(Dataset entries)
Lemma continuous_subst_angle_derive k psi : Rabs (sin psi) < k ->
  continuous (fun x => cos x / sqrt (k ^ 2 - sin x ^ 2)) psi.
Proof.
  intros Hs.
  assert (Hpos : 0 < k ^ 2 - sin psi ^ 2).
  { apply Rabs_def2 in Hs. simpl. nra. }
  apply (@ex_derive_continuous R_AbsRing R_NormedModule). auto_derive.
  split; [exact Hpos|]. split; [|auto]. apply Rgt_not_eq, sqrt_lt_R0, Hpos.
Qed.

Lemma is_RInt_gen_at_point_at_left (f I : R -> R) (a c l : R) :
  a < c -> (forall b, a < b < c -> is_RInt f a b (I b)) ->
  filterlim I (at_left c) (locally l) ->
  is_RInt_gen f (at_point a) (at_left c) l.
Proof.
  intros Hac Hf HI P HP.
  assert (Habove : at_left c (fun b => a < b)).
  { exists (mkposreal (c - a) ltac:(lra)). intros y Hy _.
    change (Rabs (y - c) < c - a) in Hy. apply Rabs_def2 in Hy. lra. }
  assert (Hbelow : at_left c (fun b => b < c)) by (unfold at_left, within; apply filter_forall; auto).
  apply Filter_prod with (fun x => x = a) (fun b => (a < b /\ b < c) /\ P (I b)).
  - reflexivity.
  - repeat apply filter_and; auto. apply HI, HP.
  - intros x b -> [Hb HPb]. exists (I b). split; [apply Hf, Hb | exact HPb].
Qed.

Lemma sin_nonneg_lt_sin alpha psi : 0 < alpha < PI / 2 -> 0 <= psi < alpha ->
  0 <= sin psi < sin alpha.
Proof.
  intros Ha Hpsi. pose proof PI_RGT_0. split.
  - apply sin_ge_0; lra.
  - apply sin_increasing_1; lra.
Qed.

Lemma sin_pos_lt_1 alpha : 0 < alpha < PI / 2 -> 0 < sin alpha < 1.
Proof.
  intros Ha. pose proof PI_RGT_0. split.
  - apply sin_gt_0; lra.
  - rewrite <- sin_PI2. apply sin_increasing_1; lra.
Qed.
--
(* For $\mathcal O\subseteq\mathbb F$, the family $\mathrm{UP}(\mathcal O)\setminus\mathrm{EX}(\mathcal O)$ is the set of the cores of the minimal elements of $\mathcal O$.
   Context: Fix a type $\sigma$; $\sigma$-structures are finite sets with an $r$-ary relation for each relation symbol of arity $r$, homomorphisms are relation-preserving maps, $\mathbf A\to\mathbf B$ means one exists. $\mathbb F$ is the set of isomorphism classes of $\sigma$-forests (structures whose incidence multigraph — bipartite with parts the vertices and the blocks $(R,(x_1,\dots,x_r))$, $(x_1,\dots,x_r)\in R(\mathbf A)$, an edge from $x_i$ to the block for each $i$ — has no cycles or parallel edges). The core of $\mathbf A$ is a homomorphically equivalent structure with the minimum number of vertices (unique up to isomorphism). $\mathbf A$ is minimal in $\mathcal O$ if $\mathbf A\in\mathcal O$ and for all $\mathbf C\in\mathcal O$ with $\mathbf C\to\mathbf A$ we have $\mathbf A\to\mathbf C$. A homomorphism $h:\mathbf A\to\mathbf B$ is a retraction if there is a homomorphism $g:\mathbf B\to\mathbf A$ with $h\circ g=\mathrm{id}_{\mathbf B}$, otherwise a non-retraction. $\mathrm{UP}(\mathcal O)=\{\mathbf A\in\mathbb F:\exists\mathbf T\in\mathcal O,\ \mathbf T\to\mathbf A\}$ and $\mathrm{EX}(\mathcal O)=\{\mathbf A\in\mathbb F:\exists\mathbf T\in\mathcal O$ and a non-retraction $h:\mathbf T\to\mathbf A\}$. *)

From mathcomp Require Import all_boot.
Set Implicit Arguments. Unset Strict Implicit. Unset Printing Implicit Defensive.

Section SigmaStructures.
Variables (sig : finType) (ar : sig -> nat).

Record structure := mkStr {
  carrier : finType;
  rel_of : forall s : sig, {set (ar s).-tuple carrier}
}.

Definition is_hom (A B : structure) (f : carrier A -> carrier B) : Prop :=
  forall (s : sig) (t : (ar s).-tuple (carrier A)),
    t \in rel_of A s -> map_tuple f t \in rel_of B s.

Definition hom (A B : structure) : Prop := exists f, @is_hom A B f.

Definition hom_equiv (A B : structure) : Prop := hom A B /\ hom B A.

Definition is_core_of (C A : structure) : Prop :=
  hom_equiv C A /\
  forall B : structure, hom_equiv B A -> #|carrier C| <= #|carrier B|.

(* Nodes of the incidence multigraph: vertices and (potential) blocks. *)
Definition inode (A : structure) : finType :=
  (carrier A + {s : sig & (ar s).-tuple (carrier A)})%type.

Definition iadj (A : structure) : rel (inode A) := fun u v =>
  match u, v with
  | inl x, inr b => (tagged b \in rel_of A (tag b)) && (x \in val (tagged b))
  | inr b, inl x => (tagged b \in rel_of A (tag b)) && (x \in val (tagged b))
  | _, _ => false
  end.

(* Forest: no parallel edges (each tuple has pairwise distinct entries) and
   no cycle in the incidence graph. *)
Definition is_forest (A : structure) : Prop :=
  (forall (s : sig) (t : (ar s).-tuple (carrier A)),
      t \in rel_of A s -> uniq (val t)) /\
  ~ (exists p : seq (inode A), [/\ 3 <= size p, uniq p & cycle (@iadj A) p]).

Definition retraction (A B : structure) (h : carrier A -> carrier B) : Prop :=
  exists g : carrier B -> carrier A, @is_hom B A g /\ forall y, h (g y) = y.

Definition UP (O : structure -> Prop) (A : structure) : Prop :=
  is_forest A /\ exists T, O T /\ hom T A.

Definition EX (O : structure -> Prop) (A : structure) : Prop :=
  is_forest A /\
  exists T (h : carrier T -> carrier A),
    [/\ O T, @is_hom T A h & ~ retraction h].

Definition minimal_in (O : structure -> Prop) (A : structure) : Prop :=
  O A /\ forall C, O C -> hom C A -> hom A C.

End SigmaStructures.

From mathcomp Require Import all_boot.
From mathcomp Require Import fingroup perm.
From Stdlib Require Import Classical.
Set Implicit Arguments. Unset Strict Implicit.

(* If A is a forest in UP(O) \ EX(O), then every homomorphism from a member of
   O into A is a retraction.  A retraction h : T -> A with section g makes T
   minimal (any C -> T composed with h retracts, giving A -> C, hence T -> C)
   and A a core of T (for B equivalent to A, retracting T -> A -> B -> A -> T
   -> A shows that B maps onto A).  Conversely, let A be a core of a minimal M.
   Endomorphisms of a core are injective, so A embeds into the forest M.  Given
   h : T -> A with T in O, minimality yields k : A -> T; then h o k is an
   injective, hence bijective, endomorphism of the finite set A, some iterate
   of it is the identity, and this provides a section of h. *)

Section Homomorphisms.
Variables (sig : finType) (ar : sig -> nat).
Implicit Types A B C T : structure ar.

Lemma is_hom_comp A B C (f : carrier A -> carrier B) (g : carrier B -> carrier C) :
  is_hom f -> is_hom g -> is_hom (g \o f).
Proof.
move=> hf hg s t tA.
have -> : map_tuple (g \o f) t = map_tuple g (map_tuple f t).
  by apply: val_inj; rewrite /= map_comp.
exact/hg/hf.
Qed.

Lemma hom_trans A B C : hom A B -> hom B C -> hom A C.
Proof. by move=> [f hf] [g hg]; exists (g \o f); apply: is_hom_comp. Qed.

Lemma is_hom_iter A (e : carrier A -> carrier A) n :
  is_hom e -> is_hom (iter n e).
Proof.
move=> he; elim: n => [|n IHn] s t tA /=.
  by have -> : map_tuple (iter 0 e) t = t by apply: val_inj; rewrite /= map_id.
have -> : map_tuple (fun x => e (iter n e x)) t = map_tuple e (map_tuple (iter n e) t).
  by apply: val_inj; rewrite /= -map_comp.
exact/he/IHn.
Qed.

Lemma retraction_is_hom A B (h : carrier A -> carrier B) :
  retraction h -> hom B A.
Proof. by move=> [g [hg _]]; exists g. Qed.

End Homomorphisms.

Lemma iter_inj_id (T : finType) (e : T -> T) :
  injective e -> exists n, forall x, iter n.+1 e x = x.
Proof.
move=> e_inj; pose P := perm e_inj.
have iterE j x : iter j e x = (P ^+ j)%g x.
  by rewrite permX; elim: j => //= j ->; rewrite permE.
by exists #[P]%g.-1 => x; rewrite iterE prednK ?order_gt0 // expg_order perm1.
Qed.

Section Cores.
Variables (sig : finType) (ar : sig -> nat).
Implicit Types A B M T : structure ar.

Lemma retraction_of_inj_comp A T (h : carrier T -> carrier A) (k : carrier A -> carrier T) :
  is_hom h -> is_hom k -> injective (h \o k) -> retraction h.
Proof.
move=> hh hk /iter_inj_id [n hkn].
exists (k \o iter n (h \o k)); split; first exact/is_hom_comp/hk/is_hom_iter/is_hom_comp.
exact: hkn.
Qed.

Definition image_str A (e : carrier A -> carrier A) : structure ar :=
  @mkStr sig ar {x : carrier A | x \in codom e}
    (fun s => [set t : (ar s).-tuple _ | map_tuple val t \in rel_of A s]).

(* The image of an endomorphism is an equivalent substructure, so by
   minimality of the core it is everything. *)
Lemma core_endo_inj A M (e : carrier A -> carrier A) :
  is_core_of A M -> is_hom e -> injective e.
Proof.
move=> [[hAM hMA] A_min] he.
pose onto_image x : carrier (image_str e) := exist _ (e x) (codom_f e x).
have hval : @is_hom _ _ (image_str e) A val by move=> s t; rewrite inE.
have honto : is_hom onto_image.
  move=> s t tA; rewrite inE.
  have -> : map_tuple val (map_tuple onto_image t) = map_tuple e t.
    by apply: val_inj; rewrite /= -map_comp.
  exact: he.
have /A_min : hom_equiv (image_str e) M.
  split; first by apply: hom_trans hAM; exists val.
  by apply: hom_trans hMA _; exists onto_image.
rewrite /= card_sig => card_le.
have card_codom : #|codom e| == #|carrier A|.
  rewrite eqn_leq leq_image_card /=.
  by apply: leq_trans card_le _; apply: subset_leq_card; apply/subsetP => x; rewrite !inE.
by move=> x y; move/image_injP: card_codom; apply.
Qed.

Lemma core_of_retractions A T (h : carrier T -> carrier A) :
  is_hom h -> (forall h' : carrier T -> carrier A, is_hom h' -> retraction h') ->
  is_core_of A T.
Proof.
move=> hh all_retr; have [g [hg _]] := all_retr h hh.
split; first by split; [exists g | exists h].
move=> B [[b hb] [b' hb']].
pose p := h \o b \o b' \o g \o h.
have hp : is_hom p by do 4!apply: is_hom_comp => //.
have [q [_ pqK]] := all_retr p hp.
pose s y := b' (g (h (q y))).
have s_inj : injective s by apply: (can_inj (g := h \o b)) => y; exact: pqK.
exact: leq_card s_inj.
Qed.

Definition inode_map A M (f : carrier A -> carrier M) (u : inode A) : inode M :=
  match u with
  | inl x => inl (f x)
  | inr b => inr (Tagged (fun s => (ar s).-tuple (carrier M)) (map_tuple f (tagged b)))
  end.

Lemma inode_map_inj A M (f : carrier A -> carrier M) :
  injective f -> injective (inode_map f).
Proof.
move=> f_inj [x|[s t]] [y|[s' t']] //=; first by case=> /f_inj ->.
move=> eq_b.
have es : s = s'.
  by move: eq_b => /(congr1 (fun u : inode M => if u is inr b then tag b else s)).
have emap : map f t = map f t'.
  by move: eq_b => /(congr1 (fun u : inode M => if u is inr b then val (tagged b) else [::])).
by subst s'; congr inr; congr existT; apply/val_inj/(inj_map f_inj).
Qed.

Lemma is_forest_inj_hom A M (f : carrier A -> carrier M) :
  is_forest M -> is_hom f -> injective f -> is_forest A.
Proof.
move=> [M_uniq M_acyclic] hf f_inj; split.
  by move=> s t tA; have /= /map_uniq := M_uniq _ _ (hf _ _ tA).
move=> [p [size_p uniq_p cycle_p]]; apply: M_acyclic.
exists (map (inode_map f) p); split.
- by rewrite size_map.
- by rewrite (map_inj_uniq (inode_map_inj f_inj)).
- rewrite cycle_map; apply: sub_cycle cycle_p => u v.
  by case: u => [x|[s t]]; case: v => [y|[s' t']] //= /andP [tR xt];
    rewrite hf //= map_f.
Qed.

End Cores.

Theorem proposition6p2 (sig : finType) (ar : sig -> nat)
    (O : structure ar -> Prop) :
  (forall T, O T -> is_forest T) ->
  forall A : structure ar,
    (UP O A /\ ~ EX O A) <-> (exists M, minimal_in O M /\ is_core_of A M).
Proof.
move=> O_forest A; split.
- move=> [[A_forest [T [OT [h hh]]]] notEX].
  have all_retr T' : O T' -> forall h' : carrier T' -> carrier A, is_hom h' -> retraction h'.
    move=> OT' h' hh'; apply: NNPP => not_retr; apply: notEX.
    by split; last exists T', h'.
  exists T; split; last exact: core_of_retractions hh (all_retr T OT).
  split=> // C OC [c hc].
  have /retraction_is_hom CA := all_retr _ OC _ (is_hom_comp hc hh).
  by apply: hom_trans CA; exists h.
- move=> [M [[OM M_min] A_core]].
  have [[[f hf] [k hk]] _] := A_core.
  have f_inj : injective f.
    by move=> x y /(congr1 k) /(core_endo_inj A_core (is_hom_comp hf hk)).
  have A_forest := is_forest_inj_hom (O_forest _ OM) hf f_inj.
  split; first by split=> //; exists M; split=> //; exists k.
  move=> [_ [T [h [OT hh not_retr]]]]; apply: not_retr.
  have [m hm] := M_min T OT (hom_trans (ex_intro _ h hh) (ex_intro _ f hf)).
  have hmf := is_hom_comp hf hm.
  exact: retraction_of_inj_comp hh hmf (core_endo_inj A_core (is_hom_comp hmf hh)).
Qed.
--
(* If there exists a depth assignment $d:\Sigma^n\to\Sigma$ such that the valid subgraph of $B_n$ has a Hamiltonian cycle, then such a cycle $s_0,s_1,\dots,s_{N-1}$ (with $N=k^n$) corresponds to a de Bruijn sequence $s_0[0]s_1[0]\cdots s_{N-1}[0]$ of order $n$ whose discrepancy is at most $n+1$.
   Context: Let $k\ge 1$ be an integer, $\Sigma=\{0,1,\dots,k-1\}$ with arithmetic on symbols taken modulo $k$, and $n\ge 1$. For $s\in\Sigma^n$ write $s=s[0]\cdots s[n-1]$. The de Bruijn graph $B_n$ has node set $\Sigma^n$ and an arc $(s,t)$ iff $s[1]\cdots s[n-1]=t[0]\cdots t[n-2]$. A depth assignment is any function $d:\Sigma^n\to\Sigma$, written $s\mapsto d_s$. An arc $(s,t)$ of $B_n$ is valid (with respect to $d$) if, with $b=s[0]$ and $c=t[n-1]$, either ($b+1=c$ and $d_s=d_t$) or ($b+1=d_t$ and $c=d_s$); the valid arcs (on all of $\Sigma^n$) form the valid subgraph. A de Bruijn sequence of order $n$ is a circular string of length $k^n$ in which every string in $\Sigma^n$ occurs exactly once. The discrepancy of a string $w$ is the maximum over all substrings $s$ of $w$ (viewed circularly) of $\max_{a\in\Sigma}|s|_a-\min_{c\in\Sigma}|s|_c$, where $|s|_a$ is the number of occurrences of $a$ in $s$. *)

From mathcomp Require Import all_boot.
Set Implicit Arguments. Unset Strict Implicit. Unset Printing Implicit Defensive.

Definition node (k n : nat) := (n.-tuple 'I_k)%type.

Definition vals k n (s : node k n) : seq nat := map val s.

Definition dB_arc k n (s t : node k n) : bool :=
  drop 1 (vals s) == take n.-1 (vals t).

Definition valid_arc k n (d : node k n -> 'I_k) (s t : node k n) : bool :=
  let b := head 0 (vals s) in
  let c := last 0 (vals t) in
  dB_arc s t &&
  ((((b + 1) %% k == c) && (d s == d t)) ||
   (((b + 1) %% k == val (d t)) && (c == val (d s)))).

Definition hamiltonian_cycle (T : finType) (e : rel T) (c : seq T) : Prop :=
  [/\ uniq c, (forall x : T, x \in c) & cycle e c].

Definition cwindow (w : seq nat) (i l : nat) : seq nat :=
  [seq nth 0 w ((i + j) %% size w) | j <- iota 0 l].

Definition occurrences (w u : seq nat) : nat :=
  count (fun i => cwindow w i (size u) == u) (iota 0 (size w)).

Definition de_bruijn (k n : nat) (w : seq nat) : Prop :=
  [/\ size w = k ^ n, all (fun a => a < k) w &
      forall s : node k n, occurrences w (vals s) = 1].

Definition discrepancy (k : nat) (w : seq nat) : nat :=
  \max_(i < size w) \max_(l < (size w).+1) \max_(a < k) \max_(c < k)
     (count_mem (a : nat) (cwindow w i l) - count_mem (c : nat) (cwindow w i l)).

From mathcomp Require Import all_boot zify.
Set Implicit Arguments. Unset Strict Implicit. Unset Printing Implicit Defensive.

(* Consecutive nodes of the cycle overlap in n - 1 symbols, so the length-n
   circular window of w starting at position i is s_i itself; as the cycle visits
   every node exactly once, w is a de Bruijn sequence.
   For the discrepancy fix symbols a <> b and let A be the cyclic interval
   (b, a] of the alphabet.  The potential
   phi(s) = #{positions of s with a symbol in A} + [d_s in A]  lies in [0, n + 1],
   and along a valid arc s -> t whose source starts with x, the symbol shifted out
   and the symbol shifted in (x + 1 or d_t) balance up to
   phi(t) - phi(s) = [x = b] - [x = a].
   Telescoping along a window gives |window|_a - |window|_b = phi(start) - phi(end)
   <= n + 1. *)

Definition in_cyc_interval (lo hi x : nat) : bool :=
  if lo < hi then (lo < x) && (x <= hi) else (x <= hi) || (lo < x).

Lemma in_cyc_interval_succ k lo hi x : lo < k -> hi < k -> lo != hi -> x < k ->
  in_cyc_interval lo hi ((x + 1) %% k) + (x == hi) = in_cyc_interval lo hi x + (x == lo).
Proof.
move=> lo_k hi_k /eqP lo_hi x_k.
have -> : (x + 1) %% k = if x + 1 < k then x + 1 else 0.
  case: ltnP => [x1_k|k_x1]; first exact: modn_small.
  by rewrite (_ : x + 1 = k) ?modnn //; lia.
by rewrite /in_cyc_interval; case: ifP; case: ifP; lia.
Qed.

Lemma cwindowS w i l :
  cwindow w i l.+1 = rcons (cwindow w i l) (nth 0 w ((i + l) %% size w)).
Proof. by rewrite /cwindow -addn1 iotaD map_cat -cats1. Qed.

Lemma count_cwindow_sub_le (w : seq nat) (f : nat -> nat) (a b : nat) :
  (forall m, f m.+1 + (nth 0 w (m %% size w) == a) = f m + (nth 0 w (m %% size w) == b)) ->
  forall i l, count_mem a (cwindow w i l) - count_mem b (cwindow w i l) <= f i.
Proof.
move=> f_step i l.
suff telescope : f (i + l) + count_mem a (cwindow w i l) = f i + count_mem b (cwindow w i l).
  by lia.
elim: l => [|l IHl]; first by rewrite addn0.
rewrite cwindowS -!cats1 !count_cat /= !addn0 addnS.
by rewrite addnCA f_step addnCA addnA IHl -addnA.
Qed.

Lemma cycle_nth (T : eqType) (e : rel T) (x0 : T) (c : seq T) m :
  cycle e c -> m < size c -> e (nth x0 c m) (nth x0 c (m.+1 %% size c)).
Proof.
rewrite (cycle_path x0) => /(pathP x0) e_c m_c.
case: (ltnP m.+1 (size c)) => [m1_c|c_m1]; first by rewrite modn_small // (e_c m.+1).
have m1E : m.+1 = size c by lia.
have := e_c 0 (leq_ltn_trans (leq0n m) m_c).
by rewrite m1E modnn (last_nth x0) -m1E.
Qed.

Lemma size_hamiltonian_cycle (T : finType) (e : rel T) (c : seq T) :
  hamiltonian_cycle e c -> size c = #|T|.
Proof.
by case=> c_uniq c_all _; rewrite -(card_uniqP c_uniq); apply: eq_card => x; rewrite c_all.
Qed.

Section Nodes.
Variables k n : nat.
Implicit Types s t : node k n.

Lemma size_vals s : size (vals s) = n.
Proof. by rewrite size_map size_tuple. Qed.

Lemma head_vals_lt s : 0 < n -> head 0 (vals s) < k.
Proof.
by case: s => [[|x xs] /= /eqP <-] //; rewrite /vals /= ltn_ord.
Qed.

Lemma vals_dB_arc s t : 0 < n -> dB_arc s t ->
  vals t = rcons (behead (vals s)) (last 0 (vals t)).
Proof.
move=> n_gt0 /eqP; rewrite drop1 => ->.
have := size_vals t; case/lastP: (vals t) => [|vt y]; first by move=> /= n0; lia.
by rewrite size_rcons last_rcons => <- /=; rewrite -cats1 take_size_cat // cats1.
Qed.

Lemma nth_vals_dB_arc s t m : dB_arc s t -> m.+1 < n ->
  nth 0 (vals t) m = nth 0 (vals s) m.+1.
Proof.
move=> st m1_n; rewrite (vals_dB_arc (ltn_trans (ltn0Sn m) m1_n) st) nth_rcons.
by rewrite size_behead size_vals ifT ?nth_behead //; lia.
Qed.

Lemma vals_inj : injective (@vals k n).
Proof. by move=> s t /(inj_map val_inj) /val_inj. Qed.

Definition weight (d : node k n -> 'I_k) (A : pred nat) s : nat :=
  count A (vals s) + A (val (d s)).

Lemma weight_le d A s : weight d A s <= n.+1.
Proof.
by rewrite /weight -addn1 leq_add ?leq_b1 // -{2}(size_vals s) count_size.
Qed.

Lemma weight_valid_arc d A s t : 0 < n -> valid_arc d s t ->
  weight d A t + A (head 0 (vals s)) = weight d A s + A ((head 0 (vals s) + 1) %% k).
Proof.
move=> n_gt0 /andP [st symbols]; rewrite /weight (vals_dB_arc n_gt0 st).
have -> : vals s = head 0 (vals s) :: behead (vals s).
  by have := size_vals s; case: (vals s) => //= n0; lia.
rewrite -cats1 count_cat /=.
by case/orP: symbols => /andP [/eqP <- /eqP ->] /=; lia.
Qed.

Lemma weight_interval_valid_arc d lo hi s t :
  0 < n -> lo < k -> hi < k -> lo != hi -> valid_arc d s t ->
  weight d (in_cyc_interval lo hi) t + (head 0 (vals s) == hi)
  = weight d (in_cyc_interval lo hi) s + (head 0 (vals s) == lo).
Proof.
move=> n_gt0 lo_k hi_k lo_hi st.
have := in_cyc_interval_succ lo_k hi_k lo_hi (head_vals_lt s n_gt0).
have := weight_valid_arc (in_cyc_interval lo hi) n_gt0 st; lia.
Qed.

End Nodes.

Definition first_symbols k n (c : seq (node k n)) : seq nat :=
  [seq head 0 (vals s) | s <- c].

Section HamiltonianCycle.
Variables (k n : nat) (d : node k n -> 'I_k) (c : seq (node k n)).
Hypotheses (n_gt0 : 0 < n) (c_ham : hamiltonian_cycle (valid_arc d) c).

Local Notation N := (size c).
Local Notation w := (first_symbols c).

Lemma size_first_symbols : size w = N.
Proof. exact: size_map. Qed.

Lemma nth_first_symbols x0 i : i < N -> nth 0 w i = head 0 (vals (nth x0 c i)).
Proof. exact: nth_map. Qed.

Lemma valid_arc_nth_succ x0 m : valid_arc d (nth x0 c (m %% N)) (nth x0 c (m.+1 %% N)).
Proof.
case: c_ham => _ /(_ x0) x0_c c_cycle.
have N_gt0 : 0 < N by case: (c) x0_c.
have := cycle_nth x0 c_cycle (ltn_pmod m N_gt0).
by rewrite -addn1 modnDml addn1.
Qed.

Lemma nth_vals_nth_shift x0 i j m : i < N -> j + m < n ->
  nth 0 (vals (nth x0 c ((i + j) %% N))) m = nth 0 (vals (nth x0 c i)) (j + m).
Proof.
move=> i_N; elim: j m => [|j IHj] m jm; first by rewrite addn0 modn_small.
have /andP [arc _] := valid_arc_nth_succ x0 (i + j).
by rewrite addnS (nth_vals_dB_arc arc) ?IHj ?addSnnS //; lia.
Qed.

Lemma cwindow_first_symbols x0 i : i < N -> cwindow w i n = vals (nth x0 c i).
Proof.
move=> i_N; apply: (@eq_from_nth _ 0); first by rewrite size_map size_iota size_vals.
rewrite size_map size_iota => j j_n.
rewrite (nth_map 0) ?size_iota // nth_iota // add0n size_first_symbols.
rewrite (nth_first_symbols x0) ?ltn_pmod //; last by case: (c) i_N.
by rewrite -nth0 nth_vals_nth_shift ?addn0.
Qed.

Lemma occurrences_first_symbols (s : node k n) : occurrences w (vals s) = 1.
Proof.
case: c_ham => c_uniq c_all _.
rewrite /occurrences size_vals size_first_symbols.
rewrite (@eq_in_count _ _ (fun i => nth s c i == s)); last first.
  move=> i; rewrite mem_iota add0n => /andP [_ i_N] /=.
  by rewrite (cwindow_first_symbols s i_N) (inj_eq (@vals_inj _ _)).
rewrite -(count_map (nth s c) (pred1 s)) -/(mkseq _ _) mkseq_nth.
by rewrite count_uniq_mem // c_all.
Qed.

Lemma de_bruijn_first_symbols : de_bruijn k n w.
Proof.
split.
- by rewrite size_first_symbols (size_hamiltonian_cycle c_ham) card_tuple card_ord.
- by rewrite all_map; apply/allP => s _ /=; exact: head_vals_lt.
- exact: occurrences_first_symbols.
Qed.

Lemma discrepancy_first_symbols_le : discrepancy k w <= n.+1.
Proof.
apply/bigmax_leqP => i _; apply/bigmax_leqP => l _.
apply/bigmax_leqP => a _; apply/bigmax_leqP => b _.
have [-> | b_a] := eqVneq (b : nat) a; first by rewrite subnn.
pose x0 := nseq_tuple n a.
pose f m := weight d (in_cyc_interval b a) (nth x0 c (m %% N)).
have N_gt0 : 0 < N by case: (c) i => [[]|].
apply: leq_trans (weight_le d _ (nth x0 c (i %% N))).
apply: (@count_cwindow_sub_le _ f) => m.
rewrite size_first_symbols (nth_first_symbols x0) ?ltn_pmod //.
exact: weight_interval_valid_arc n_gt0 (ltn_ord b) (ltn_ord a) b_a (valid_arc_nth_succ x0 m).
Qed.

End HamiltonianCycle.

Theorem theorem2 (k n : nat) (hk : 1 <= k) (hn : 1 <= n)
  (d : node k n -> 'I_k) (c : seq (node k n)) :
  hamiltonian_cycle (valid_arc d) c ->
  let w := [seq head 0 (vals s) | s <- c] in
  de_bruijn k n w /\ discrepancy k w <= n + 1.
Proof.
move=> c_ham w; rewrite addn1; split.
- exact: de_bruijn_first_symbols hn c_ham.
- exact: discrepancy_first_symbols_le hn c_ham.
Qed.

> **INSTRUCTIONS TO FOLLOW**: Given the records above, restate word for word only the lines starting at the one with "Lemma continuous_subst_angle_derive k" and ending at the one with "filterlim I (at_left c) (locally l) ->".

> **ANSWER AREA**:
Lemma continuous_subst_angle_derive k psi : Rabs (sin psi) < k ->
  continuous (fun x => cos x / sqrt (k ^ 2 - sin x ^ 2)) psi.
Proof.
  intros Hs.
  assert (Hpos : 0 < k ^ 2 - sin psi ^ 2).
  { apply Rabs_def2 in Hs. simpl. nra. }
  apply (@ex_derive_continuous R_AbsRing R_NormedModule). auto_derive.
  split; [exact Hpos|]. split; [|auto]. apply Rgt_not_eq, sqrt_lt_R0, Hpos.
Qed.

Lemma is_RInt_gen_at_point_at_left (f I : R -> R) (a c l : R) :
  a < c -> (forall b, a < b < c -> is_RInt f a b (I b)) ->
  filterlim I (at_left c) (locally l) ->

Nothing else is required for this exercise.